Traditional Chinese Sense of Humour
Prime Minister Chang was happy enough to write, but he didn't put in a lot of care into his brush strokes. Everybody sneered at his bad handwriting, and the Prime Minister himself really didn't care.
One day Chang thought of a beautiful sentence and at once wielded his writing brush to write it down, indeed, there were dragons flying and snakes dancing all over the paper. Then he ordered his secretary to write it out neatly.
When beginning to copy, his secretary stared tongue-tied and did not know where to start. The young man had to take the manuscript back to the Prime Minister.
'Prime Minister Chang, I can't read your handwriting, please tell me what words they are.'
The Prime Minister read his cursive hand a long time, and did not know what Chinese characters they were, either. He then turned to blame his secretary. 'Why didn't you come earlier to ask me? I myself have forgotten the words which I've written.'
Zhou Youguang helped invent Pinyin, a writing system that turns Chinese characters into words using letters from the Roman alphabet. This makes it easier to learn how to pronounce Chinese words, and is credited with helping raise literacy rates in China. Students struggling to learn Chinese might not know it, but their task has been made easier because of the work of one man.

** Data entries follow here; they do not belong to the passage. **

(* Since X is periodic with some period p, its increasing enumeration satisfies
   x (i + n) = x i + p for some n > 0.  Hence X has at most about n/p of the
   points of any long interval, so delta(X) <= n / p, and every quantity built
   from the block structure, in particular both discharging rules, is
   n-periodic in the indices.  Over one period an antisymmetric periodic rule
   moves no charge, so the frame charges nu' of F_0, ..., F_(n-1) add up to t
   times the block charges mu of B_0, ..., B_(n-1), that is to t (a p - b n).
   Each nu' being at least c, we get c n <= t (a p - b n), which is
   n / p <= a t / (b t + c). *)

Lemma int_ind_step (P : int -> Prop) :
  P 0 -> (forall s, P s -> P (s + 1)) -> (forall s, P s -> P (s - 1)) ->
  forall s, P s.
Proof.
move=> P0 PS PP; elim/int_rect=> [//|n /PS|n /PP].
- by have -> : n%:Z + 1 = n.+1%:Z by lia.
- by have -> : - n%:Z - 1 = - n.+1%:Z by lia.
Qed.

Section IncreasingSequence.
Variable x : int -> int.
Hypothesis x_incr : forall i, x i < x (i + 1).

Lemma incr_addn i (k : nat) : x i + k%:Z <= x (i + k%:Z).
Proof.
elim: k => [|k IHk]; first by rewrite !addr0.
have := x_incr (i + k%:Z); have -> : i + k.+1%:Z = i + k%:Z + 1 by lia.
lia.
Qed.

Lemma incr_homo : {homo x : i j / i < j}.
Proof.
move=> i j ij; have := incr_addn i (absz (j - i)).
have -> : i + (absz (j - i))%:Z = j by lia.
lia.
Qed.

Lemma incr_leE : {mono x : i j / i <= j}.
Proof. exact: le_mono incr_homo. Qed.

Lemma incr_ltE : {mono x : i j / i < j}.
Proof. exact: leW_mono incr_leE. Qed.

Lemma incr_inj : injective x.
Proof. exact: inc_inj incr_leE. Qed.

End IncreasingSequence.

Section TwoEnumerations.
Variables (X : int -> bool) (x y : int -> int).
Hypotheses (Ex : enumerates X x) (Ey : enumerates X y).

Lemma enumerates_succ i j : x i = y j -> x (i + 1) = y (j + 1).
Proof.
case: Ex Ey => [x_incr Xx] [y_incr Xy] xy.
have [s ys] : exists s, y s = x (i + 1) by apply/Xy/Xx; exists (i + 1).
have [r xr] : exists r, x r = y (j + 1) by apply/Xx/Xy; exists (j + 1).
have js : j < s by rewrite -(incr_ltE y_incr) ys -xy x_incr.
have ir : i < r by rewrite -(incr_ltE x_incr) xr xy y_incr.
apply: le_anti; apply/andP; split.
- by rewrite -xr incr_leE //; lia.
- by rewrite -ys incr_leE //; lia.
Qed.

Lemma enumerates_pred i j : x i = y j -> x (i - 1) = y (j - 1).
Proof.
case: Ex Ey => [x_incr Xx] [y_incr Xy] xy.
have [s xs] : exists s, x s = y (j - 1) by apply/Xx/Xy; exists (j - 1).
have : x (s + 1) = x i by rewrite (enumerates_succ xs) subrK.
by move/(incr_inj x_incr) <-; rewrite addrK.
Qed.

Lemma enumerates_shift i j : x i = y j -> forall k, x (i + k) = y (j + k).
Proof.
move=> xy; elim/int_ind_step => [|k|k]; first by rewrite !addr0.
- by move/enumerates_succ; rewrite !addrA.
- by move/enumerates_pred; rewrite !addrA.
Qed.

End TwoEnumerations.

Lemma enumerates_index_period (X : int -> bool) (x : int -> int) (p : nat) :
  enumerates X x -> (0 < p)%N -> (forall k, X (k + p%:Z) = X k) ->
  exists2 n : nat, (0 < n)%N & forall i, x (i + n%:Z) = x i + p%:Z.
Proof.
move=> Ex p_gt0 Xp; have [x_incr Xx] := Ex.
have Ey : enumerates X (fun i => x i + p%:Z).
  split=> [i|k]; first by rewrite ltrD2r.
  rewrite -(subrK p%:Z k) Xp Xx; split=> -[i xi]; exists i; lia.
have [n0 xn0] : exists n0, x n0 = x 0 + p%:Z by apply/Xx; rewrite Xp Xx; exists 0.
have n0_gt0 : 0 < n0 by rewrite -(incr_ltE x_incr) xn0 ltrDl ltz_nat.
exists (absz n0); first by lia.
by move=> i; rewrite gez0_abs ?(ltW n0_gt0) // addrC (enumerates_shift Ex Ey xn0) add0r.
Qed.
Section CommutatorIdeal.
Variables (R : nzRingType) (A : R -> Prop).
Hypothesis idealA : two_sided_ideal A.
Hypothesis commA : forall x y, A (x * y - y * x).
Local Notation "x == y 'mod' 'A'" := (congr_mod A x y) (at level 70, y at next level).

Lemma congr_refl x : x == x mod A.
Proof. by rewrite /congr_mod subrr; apply: ideal0. Qed.

Lemma congr_trans y x z : x == y mod A -> y == z mod A -> x == z mod A.
Proof. by move=> xy yz; rewrite /congr_mod -(subrK y x) -addrA; apply: idealD. Qed.

Lemma congrD x y x' y' : x == y mod A -> x' == y' mod A -> x + x' == y + y' mod A.
Proof. by move=> xy xy'; rewrite /congr_mod opprD addrACA; apply: idealD. Qed.

Lemma congrMl r x y : x == y mod A -> r * x == r * y mod A.
Proof. by move=> xy; rewrite /congr_mod -mulrBr; apply: ideal_lmul. Qed.

Lemma congrMr r x y : x == y mod A -> x * r == y * r mod A.
Proof. by move=> xy; rewrite /congr_mod -mulrBl; apply: ideal_rmul. Qed.

(* Modulo A, (u + v)^(i + j) lies in the left ideal generated by u^i and v^j:
   this is the binomial expansion in the commutative ring R / A. *)
Lemma exprD_congr u v n i j : (i + j = n)%N ->
  exists r s, (u + v) ^+ n == r * u ^+ i + s * v ^+ j mod A.
Proof.
elim: n => [|n IHn] in i j *; move=> Eij.
  have [-> ->] : i = 0%N /\ j = 0%N by lia.
  by exists 1, 0; rewrite mul0r addr0 !expr0 mulr1; apply: congr_refl.
case: i Eij => [|i] Eij.
  by exists ((u + v) ^+ n.+1), 0; rewrite mul0r addr0 expr0 mulr1; apply: congr_refl.
case: j Eij => [|j] Eij.
  by exists 0, ((u + v) ^+ n.+1); rewrite mul0r add0r expr0 mulr1; apply: congr_refl.
have [r1 [s1 E1]] := IHn i j.+1 ltac:(lia).
have [r2 [s2 E2]] := IHn i.+1 j ltac:(lia).
have Eu : (u + v) ^+ n * u == r1 * u ^+ i.+1 + s1 * u * v ^+ j.+1 mod A.
  apply: congr_trans (congrMr u E1) _; rewrite mulrDl -!mulrA -exprSr.
  by apply: congrD; [apply: congr_refl | apply/congrMl/commA].
have Ev : (u + v) ^+ n * v == r2 * v * u ^+ i.+1 + s2 * v ^+ j.+1 mod A.
  apply: congr_trans (congrMr v E2) _; rewrite mulrDl -!mulrA -exprSr.
  by apply: congrD; [apply/congrMl/commA | apply: congr_refl].
exists (r1 + r2 * v), (s1 * u + s2).
by rewrite !mulrDl addrACA exprSr mulrDr; apply: congrD.
Qed.
Lemma exists_rank_addsmx_form_act d m n (V : 'M[CC]_(m, d.+1)) (W : 'M[CC]_(n, d.+1)) :
  exists2 g, g \in unitmx &
    \rank (V + W *m form_act d g)%MS = minn (\rank V + \rank W) d.+1.
Proof.
pose b := minn (\rank W) (d.+1 - \rank V).
have rV_le : (\rank V <= d.+1)%N by exact: rank_leq_col.
have ab_le : (\rank V + b <= d.+1)%N by lia.
set Wb := (pid_mx b : 'M[CC]_(b, \rank W)) *m row_base W.
have fWb : row_free Wb by rewrite /row_free mxrankMfree ?row_base_free // rank_pid_mx ?geq_minl.
have [g ug fVW] := exists_row_free_col_mx (row_base_free V) fWb ab_le.
exists g => //.
have fA : row_free (form_act d g) by rewrite row_free_unit form_act_unit.
have rW : \rank (W *m form_act d g) = \rank W by rewrite mxrankMfree.
have rVWb : \rank (col_mx (row_base V) (Wb *m form_act d g)) = (\rank V + b)%N.
  by apply/eqP.
have lower : (\rank V + b <= \rank (V + W *m form_act d g))%N.
  rewrite -rVWb -(addsmxE _ _).1 mxrankS // addsmxS ?eq_row_base //.
  by rewrite submxMr // (submx_trans (submxMl _ _)) ?eq_row_base.
have upper : (\rank (V + W *m form_act d g) <= \rank V + \rank W)%N.
  by rewrite -rW mxrank_adds_leqif.
have := rank_leq_col (V + W *m form_act d g)%MS; lia.
Qed.

Theorem proposition3p1 (d : nat) (V W : 'M[CC]_(d.+1)) :
  (1 <= d)%N ->
  (0 < \rank V)%N -> (0 < \rank W)%N ->
  exists g : 'M[CC]_2, g \in unitmx /\
    pdim (V :&: (W *m form_act d g))%MS
    = Num.max (-1) (pdim V + pdim W - d%:Z).
Proof.
move=> _ _ _; have [g ug rank_sum] := exists_rank_addsmx_form_act V W.
exists g; split=> //.
have := mxrank_sum_cap V (W *m form_act d g).
rewrite mxrankMfree ?row_free_unit ?form_act_unit // rank_sum /pdim.
lia.
Qed.
Lemma cmul_reversible p q r : p \in S -> q \in S -> r \in S -> r \in cmul S p q ->
  p \in cmul S r (transp q) /\ q \in cmul S (transp p) r.
Proof.
move=> Sp Sq Sr pq_r; have [x [y [z [xy yz xz]]]] := cmul_path Sp Sq pq_r.
split.
  by apply: (mem_cmul Sr (scheme_transp Sq) Sp xz _ xy); rewrite mem_transp.
by apply: (mem_cmul (scheme_transp Sp) Sr Sq _ xz yz); rewrite mem_transp.
Qed.

Lemma cmul3lP p q s t x z : p \in S -> q \in S -> s \in S -> t \in S -> (x, z) \in t ->
  reflect (exists y w, [/\ (x, y) \in p, (y, w) \in q & (w, z) \in s])
          (t \in \bigcup_(r in cmul S p q) cmul S r s).
Proof.
move=> Sp Sq Ss St xz_t; apply: (iffP bigcupP) => [[r pq_r rs_t] | [y [w [xy yw wz]]]].
  have Sr := cmul_sub pq_r.
  have [w [xw wz]] := cmulP Sr Ss St xz_t rs_t.
  have [y [xy yw]] := cmulP Sp Sq Sr xw pq_r.
  by exists y, w.
have [r Sr xw] := scheme_cover (x, w).
exists r; first exact: mem_cmul Sp Sq Sr xy yw xw.
exact: mem_cmul Sr Ss St xw wz xz_t.
Qed.

Lemma cmul3rP p q s t x z : p \in S -> q \in S -> s \in S -> t \in S -> (x, z) \in t ->
  reflect (exists y w, [/\ (x, y) \in p, (y, w) \in q & (w, z) \in s])
          (t \in \bigcup_(r in cmul S q s) cmul S p r).
Proof.
move=> Sp Sq Ss St xz_t; apply: (iffP bigcupP) => [[r qs_r pr_t] | [y [w [xy yw wz]]]].
  have Sr := cmul_sub qs_r.
  have [y [xy yz]] := cmulP Sp Sr St xz_t pr_t.
  have [w [yw wz]] := cmulP Sq Ss Sr yz qs_r.
  by exists y, w.
have [r Sr yz] := scheme_cover (y, z).
exists r; first exact: mem_cmul Sq Ss Sr yw wz yz.
exact: mem_cmul Sp Sr St xy yz xz_t.
Qed.
(* Let $W$ be a workload matrix and $A$ a strategy matrix with the same number of columns, with $W=WA^+A$ (i.e. every row of $W$ lies in the row space of $A$). Let $C$ be any matrix with the same number of columns and let $\tilde A=\begin{bmatrix}A\\ C\end{bmatrix}$. Then $\|W\tilde A^+\|_F\le\|WA^+\|_F$.
   Context: $M^+$ denotes the Moore–Penrose pseudo-inverse of $M$ and $\|\cdot\|_F$ the Frobenius norm. In the matrix-mechanism framework a strategy $A$ for a workload $W$ is one from which $W$ can be answered, i.e. $W=WA^+A$. *)

From HB Require Import structures.
From mathcomp Require Import all_boot all_order all_algebra.
From Stdlib Require Import ClassicalEpsilon.
Set Implicit Arguments. Unset Strict Implicit. Unset Printing Implicit Defensive.
Import Order.TTheory GRing.Theory Num.Theory.
Local Open Scope ring_scope.

(* The four Penrose conditions characterizing the Moore-Penrose
   pseudo-inverse X of A (real case: adjoint = transpose). *)
Definition penrose (R : rcfType) (m n : nat) (A : 'M[R]_(m, n)) (X : 'M[R]_(n, m)) : Prop :=
  [/\ A *m X *m A = A,
      X *m A *m X = X,
      (A *m X)^T = A *m X
    & (X *m A)^T = X *m A].

(* The Moore-Penrose pseudo-inverse: the (unique, and always existing)
   matrix satisfying the Penrose conditions. *)
Definition pinv (R : rcfType) (m n : nat) (A : 'M[R]_(m, n)) : 'M[R]_(n, m) :=
  epsilon (inhabits 0) (penrose A).

Definition frob (R : rcfType) (m n : nat) (M : 'M[R]_(m, n)) : R :=
  Num.sqrt (\sum_(i < m) \sum_(j < n) M i j ^+ 2).

(* W is answered by the strategy [A; C] through the padded matrix
   Y = [W A^+, 0], since Y [A; C] = W A^+ A = W.  Among all solutions Y of
   Y B = W, the pseudo-inverse solution W B^+ = Y (B B^+) has least Frobenius
   norm, because B B^+ is an orthogonal projector and projecting the rows of Y
   can only shrink them.  Hence |W [A; C]^+| <= |Y| = |W A^+|. *)
From mathcomp Require Import all_boot all_order all_algebra.
From Stdlib Require Import ClassicalEpsilon.
Set Implicit Arguments. Unset Strict Implicit. Unset Printing Implicit Defensive.
Import Order.TTheory GRing.Theory Num.Theory.
Local Open Scope ring_scope.

Section Gram.
Variable R : rcfType.

Lemma gram_diag m n (M : 'M[R]_(m, n)) i :
  (M *m M^T) i i = \sum_(j < n) M i j ^+ 2.
Proof. by rewrite !mxE; apply: eq_bigr => j _; rewrite mxE expr2. Qed.

Lemma frob_trace m n (M : 'M[R]_(m, n)) : frob M = Num.sqrt (\tr (M *m M^T)).
Proof. by congr Num.sqrt; apply: eq_bigr => i _; rewrite gram_diag. Qed.

Lemma trace_gram_ge0 m n (M : 'M[R]_(m, n)) : 0 <= \tr (M *m M^T).
Proof.
apply: sumr_ge0 => i _; rewrite gram_diag.
by apply: sumr_ge0 => j _; exact: sqr_ge0.
Qed.

Lemma gram_eq0 m n (M : 'M[R]_(m, n)) : M *m M^T = 0 -> M = 0.
Proof.
move=> MMt0; apply/matrixP => i j; rewrite mxE.
have /esym/eqP := gram_diag M i; rewrite MMt0 mxE.
rewrite psumr_eq0; last by move=> l _; exact: sqr_ge0.
by move=> /allP /(_ j (mem_index_enum _)) /=; rewrite sqrf_eq0 => /eqP.
Qed.

Lemma gram_unitmx m n (M : 'M[R]_(m, n)) : row_free M -> M *m M^T \in unitmx.
Proof.
move=> freeM; rewrite -row_free_unit -kermx_eq0 -submx0.
set K := kermx _.
have KM0 : K *m M = 0.
  by apply: gram_eq0; rewrite trmx_mul mulmxA -(mulmxA K) mulmx_ker mul0mx.
have /eqP <- : kermx M == 0 by rewrite kermx_eq0.
by rewrite sub_kermx KM0.
Qed.

End Gram.

Section PseudoInverse.
Variable R : rcfType.

Lemma penrose_full_rank_factor m r n (F : 'M[R]_(m, r)) (G : 'M[R]_(r, n)) :
  row_free G -> row_free F^T -> exists X, penrose (F *m G) X.
Proof.
move=> freeG freeFt.
have uG := gram_unitmx freeG.
have := gram_unitmx freeFt; rewrite trmxK => uF.
set SG := G *m G^T in uG *; set SF := F^T *m F in uF *.
have symSG : SG^T = SG by rewrite trmx_mul trmxK.
have symSF : SF^T = SF by rewrite trmx_mul trmxK.
set X := G^T *m invmx SG *m invmx SF *m F^T.
have AX : F *m G *m X = F *m invmx SF *m F^T.
  by rewrite !mulmxA -(mulmxA F G) -/SG mulmxK.
have XA : X *m (F *m G) = G^T *m invmx SG *m G.
  by rewrite !mulmxA -(mulmxA _ F^T F) -/SF mulmxKV.
exists X; split.
- by rewrite AX !mulmxA -(mulmxA _ F^T F) -/SF mulmxKV.
- by rewrite XA !mulmxA -(mulmxA _ G G^T) -/SG mulmxKV.
- by rewrite AX !trmx_mul trmxK trmx_inv symSF mulmxA.
- by rewrite XA !trmx_mul trmxK trmx_inv symSG mulmxA.
Qed.

Lemma penrose_pinv m n (A : 'M[R]_(m, n)) : penrose A (pinv A).
Proof.
apply: epsilon_spec; rewrite -(mulmx_base A).
apply: penrose_full_rank_factor; first exact: row_base_free.
by rewrite /row_free mxrank_tr; exact: col_base_full.
Qed.

End PseudoInverse.

Section FrobeniusMinimality.
Variable R : rcfType.

Lemma gram_mul_proj m n (Y : 'M[R]_(m, n)) (P : 'M[R]_n) :
  P^T = P -> P *m P = P -> Y *m P *m (Y *m P)^T = Y *m P *m Y^T.
Proof. by move=> symP idemP; rewrite trmx_mul symP mulmxA -(mulmxA Y) idemP. Qed.

Lemma frob_mul_proj m n (Y : 'M[R]_(m, n)) (P : 'M[R]_n) :
  P^T = P -> P *m P = P -> frob (Y *m P) <= frob Y.
Proof.
move=> symP idemP; set Q := 1%:M - P.
have symQ : Q^T = Q by rewrite linearB /= trmx1 symP.
have idemQ : Q *m Q = Q.
  by rewrite mulmxBl mul1mx mulmxBr mulmx1 idemP subrr subr0.
have splitY : Y *m Y^T = Y *m P *m Y^T + Y *m Q *m Y^T.
  by rewrite -mulmxDl -mulmxDr addrC subrK mulmx1.
rewrite !frob_trace ler_sqrt ?trace_gram_ge0 // gram_mul_proj //.
by rewrite splitY mxtraceD lerDl -gram_mul_proj // trace_gram_ge0.
Qed.

Lemma frob_pinv_min k m n (W : 'M[R]_(k, n)) (B : 'M[R]_(m, n)) (Y : 'M[R]_(k, m)) :
  Y *m B = W -> frob (W *m pinv B) <= frob Y.
Proof.
move=> <-; have [BXB _ symBX _] := penrose_pinv B.
rewrite -mulmxA; apply: frob_mul_proj => //.
by rewrite mulmxA BXB.
Qed.

Lemma frob_row_mx0 k m p (X : 'M[R]_(k, m)) : frob (row_mx X (0 : 'M_(k, p))) = frob X.
Proof. by rewrite !frob_trace tr_row_mx mul_row_col mul0mx addr0. Qed.

End FrobeniusMinimality.

Theorem mainTheorem7 (R : rcfType) (k m p n : nat)
    (W : 'M[R]_(k, n)) (A : 'M[R]_(m, n)) (C : 'M[R]_(p, n)) :
  W = W *m pinv A *m A ->
  frob (W *m pinv (col_mx A C)) <= frob (W *m pinv A).
Proof.
move=> WAA; rewrite -(@frob_row_mx0 R k m p); apply: frob_pinv_min.
by rewrite mul_row_col mul0mx addr0 -WAA.
Qed.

Despite his achievements, Mr Zhou remains largely unknown in his home country say Will and Guy, which comes as a major surprise.
Perhaps that is because the 106-year-old is a defiant character, refusing to take much credit for his work or pander to the Chinese Communist Party. He is critical of the party that governs China; and old enough not to care who is listening to what he has to say. Mr Zhou has remained optimistic about life despite going through tough times.
When he started work on developing Pinyin, 85% of Chinese people could not read or write.
Now, we can state that is just a few per cent of Chinese who cannot read.